- _Exercise requirements_
Copy, exactly and without additions, every line in the records below from the one holding "apply: (@row_free_mxdiag_eq0 F" through the one holding "Lemma sigma_pullback_direct U", both ends included.

- _Data listing_
Lemma sigma_pullback_stable Z u j : ~~ sinkb X u ->
  (sigma_pullback Z u *m amap X u j <= sigma_pullback Z (nb u j))%MS.
Proof.
move=> hu; rewrite /sigma_pullback (negbTE hu) sinkb_nb hu genmxE.
apply: submx_trans (sub_mxdiag_mxcol _ _ j).
by move: (nbK u j); move: (nb (nb u j) j) => u' e; subst u'; rewrite conform_mx_id.
Qed.

Lemma sigma_pullback_eq0 Z : sigma_stable Z ->
  (forall v, sigma_pullback Z v = 0) -> forall v, Z v = 0.
Proof.
move=> hZ h0 v.
have hC b : ~~ sinkb X b -> Z b = 0.
  move=> hb; apply: (conform_mx_eq0 (dim_sigma_source hb)).
  by have := h0 b; rewrite /sigma_pullback (negbTE hb).
case: (boolP (sinkb X v)) => hv; last exact: hC.
apply: (conform_mx_eq0 (dim_sigma_sink hv)).
apply: (@row_free_mxdiag_eq0 F n (fun j => dim X (nb v j)) _ _ (fun i => cast_sigma Z (nb v i))).
- exact: row_base_free.
- by move=> i; rewrite /cast_sigma (hC (nb v i)) ?conform_mx00 // sinkb_nb hv.
- by move=> i; apply: sigma_stable_sink.
Qed.

Lemma sigma_pullback_direct U W :
  (forall a, sinkb X a -> row_full (in_mx X a)) -> decomposition U W ->
  forall v, (sigma_pullback U v + sigma_pullback W v == 1%:M)%MS /\
            (sigma_pullback U v :&: sigma_pullback W v <= (0 : 'M_(dim X v)))%MS.
Proof.
move=> hfull [hdec hmap].
have hsrc b : ~~ sinkb X b -> (cast_sigma U b + cast_sigma W b == 1%:M)%MS /\
    (cast_sigma U b :&: cast_sigma W b <= (0 : 'M_(dim X b)))%MS.
  move=> hb; have e := dim_sigma_source hb; have [h1 h2] := hdec b.
  by split; [exact: (conform_addsmx_eq1 e) | exact: (conform_capmx_sub0 e)].
move=> v; rewrite /sigma_pullback; case: (boolP (sinkb X v)) => hv; last exact: hsrc.
rewrite !(adds_eqmx (genmxE _) (genmxE _)) (cap_eqmx (genmxE _) (genmxE _)).
apply: (@reflection_direct F n (fun j => dim X (nb v j)) (dim X v) _ (in_mx X v)
  (row_base (kermx (in_mx X v))) _ _
  (conform_mx (0 : 'M_(\rank (kermx (in_mx X v)))) (U v))
  (conform_mx (0 : 'M_(\rank (kermx (in_mx X v)))) (W v))).
- exact: hfull.
- exact: eq_row_base.
- by move=> i; apply: hsrc; rewrite sinkb_nb hv.
- by have [h1 _] := hdec v; exact: (conform_addsmx_eq1 (dim_sigma_sink hv)).
- by move=> i; apply: sigma_stable_sink => // u j hu; case: (hmap u j hu).
- by move=> i; apply: sigma_stable_sink => // u j hu; case: (hmap u j hu).
Qed.

End Pullback.

Lemma sigma_indecomposable (F : fieldType) (n : nat) (X : rep F n) :
  indecomposable X -> nonzero (sigma X) ->
  (forall a, sinkb X a -> row_full (in_mx X a)) -> indecomposable (sigma X).
Proof.
move=> [_ hind] hnz hfull; split => // U W hUW.
have hUWX : decomposition (sigma_pullback U) (sigma_pullback W).
  by split; [exact: sigma_pullback_direct | move=> u j hu; split; apply: sigma_pullback_stable].
have [_ hmap] := hUW.
case: (hind _ _ hUWX) => h; [left|right]; apply: sigma_pullback_eq0 => // u j hu;
  by case: (hmap u j hu).
Qed.

Local Close Scope ring_scope.

Section Connectivity.
Variables (F : fieldType) (n : nat).
Implicit Types (X : rep F n) (u v w c : vertex n) (j : 'I_n).

Fixpoint next_letter (p s : seq 'I_n) : option 'I_n :=
  match p, s with
  | [::], x :: _ => Some x
  | x :: p', y :: s' => if x == y then next_letter p' s' else None
  | _, _ => None
  end.

Lemma next_letter_rcons p s j : s != p -> rcons s j != p ->
  next_letter p (rcons s j) = next_letter p s.
Proof.
elim: p s => [|x p IH] [|y s] //=; first by case: (x == j); case: p IH.
move=> h1 h2; case: ifP => // /eqP E; subst y.
by apply: IH; [move: h1 | move: h2]; rewrite eqseq_cons eqxx.
Qed.

Lemma next_letter_push p j : next_letter p (rcons p j) = Some j.
Proof. by elim: p => [|x p IH] //=; rewrite eqxx. Qed.

Lemma next_letter_pop q j : next_letter (rcons q j) q = None.
Proof. by elim: q => [|x q IH] //=; rewrite eqxx. Qed.

(* The components of T(n) minus c: [Some j] for the one through the child of c
   obtained by appending j, [None] for c itself and the one towards the root. *)
Definition branch c u := next_letter (rev (val c)) (rev (val u)).

Lemma val_nb_pop u j : ohead (val u) = Some j -> val u = j :: val (nb u j).
Proof. by rewrite /=; case: (val u) => [|k w] //= [->]; rewrite eqxx. Qed.

Lemma rev_val_neq u v : u != v -> rev (val u) != rev (val v).
Proof. by apply: contra => /eqP /(congr1 rev); rewrite !revK => /val_inj ->. Qed.

Lemma branch_nb c u j : u != c -> nb u j != c -> branch c (nb u j) = branch c u.
Proof.
move=> h1 h2; rewrite /branch.
case: (nb_pushP u j) => [hp|[_ hp]].
  rewrite -[\val (nb u j)]/(sval (nb u j)) hp rev_cons next_letter_rcons //.
    exact: rev_val_neq.
  by move/rev_val_neq: h2; rewrite -[\val (nb u j)]/(sval (nb u j)) hp rev_cons.
have E := val_nb_pop hp.
rewrite -[\val u]/(sval u) E rev_cons next_letter_rcons //; first exact: rev_val_neq.
by rewrite -rev_cons -E; apply: rev_val_neq.
Qed.

Lemma branch_nb_center c j :
  branch c (nb c j) = Some j \/ ohead (val c) = Some j /\ branch c (nb c j) = None.
Proof.
rewrite /branch; case: (nb_pushP c j) => [hp|[_ hp]].
  by left; rewrite -[\val (nb c j)]/(sval (nb c j)) hp rev_cons next_letter_push.
right; split => //; have E := val_nb_pop hp.
by rewrite -[\val c]/(sval c) E rev_cons next_letter_pop.
Qed.

Lemma branch_nb_inj c j1 j2 : j1 != j2 -> branch c (nb c j1) != branch c (nb c j2).
Proof.
move=> hj; apply/eqP.
case: (branch_nb_center c j1) => [->|[h1 ->]]; case: (branch_nb_center c j2) => [->|[h2 ->]] //.
- by case=> E; move: hj; rewrite E eqxx.
- by move: hj; rewrite h1 in h2; case: h2 => ->; rewrite eqxx.
Qed.

Lemma supp_connected X c j1 j2 : indecomposable X -> dim X c = 0 -> j1 != j2 ->
  dim X (nb c j1) = 0 \/ dim X (nb c j2) = 0.
Proof.
move=> hX hc hj.
pose P w := (w != c) && (branch c w == branch c (nb c j1)).
case: (@indecomposable_split_supp F n X P hX).
- move=> u j _ hne.
  case: (eqVneq u c) => [->|uc]; first by left.
  case: (eqVneq (nb u j) c) => [->|nc]; first by right.
  by move: hne; rewrite /P /= uc nc /= (branch_nb uc nc) eqxx.
- by move=> h; left; apply: h; rewrite /P nb_neq eqxx.
- move=> h; right; apply: h; rewrite /P negb_and negbK; apply/orP; right.
  by rewrite eq_sym branch_nb_inj.
Qed.

Lemma supp_isolated X v : indecomposable X -> (0 < dim X v) ->
  (forall u j, (0 < dim X u) -> dim X (nb u j) = 0) ->
  forall w, w != v -> dim X w = 0.
Proof.
move=> hX hv hadj.
case: (@indecomposable_split_supp F n X (fun w => w == v) hX); last by [].
- move=> u j _; case: (eqVneq u v) => [->|uv] /=; first by move=> _; right; exact: hadj.
  case: (eqVneq (nb u j) v) => [E|] //= _; left.
  apply/eqP; rewrite -leqn0 leqNgt; apply/negP => /(hadj u j); rewrite E => h.
  by move: hv; rewrite h.
- by move=> h; move: hv; rewrite h.
Qed.

End Connectivity.

Lemma ex_maxn_prop (P : nat -> Prop) k0 N : P k0 -> (forall k, P k -> k <= N) ->
  exists m, P m /\ forall k, P k -> k <= m.
Proof.
elim: N k0 => [|N IH] k0 hk0 hb.
  by exists k0; split => // k hk; have := hb _ hk; have := hb _ hk0; lia.
case: (classic (P N.+1)) => hN; first by exists N.+1.
apply: (IH k0 hk0) => k hk; have := hb _ hk.
by rewrite leq_eqVlt => /orP[/eqP E|//]; move: hk; rewrite E.
Qed.

Section Diameter.
Variables (F : fieldType) (n : nat).
Implicit Types (X Y : rep F n) (u v c h : vertex n) (j : 'I_n) (s t : seq (vertex n)).

Definition supp_bounded X N := forall v, 0 < dim X v -> size (val v) <= N.

Lemma fin_dim_bounded X : fin_dim X -> exists N, supp_bounded X N.
Proof.
move=> [L hL]; exists (\max_(v <- L) size (val v)) => v hv.
apply: (@leq_bigmax_seq _ L xpredT (fun v => size (val v))) => //.
by apply: contraTT hv => /hL ->.
Qed.

Lemma supp_bounded_sigma X N : supp_bounded X N -> supp_bounded (sigma X) N.+1.
Proof.
move=> hb v hv; case: (boolP (sinkb X v)) => hs.
  have := leq_trans hv (dim_sigma_sink_le hs).
  rewrite lt0n sum_nat_eq0 => /forallPn[j]; rewrite -lt0n => /hb.
  by case: (size_nb v j) => ->; lia.
by move: hv; rewrite dim_sigma_source // => /hb; lia.
Qed.

Lemma tpath_size_le X N t : supp_bounded X N -> tpath X t -> size t <= N + N + 1.
Proof.
case: t => [|x s] //= hb /and3P[hp /andP[hx hall] hnb].
have := nobt_path_size hp hnb; have := hb x hx.
have : size (val (last x s)) <= N.
  have hall' : all (supp X) (x :: s) by rewrite /= hx.
  by apply: hb; move: (mem_last x s); apply: (allP hall').
lia.
Qed.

- _Output of the task_
apply: (@row_free_mxdiag_eq0 F n (fun j => dim X (nb v j)) _ _ (fun i => cast_sigma Z (nb v i))).
- exact: row_base_free.
- by move=> i; rewrite /cast_sigma (hC (nb v i)) ?conform_mx00 // sinkb_nb hv.
- by move=> i; apply: sigma_stable_sink.
Qed.

Lemma sigma_pullback_direct U W :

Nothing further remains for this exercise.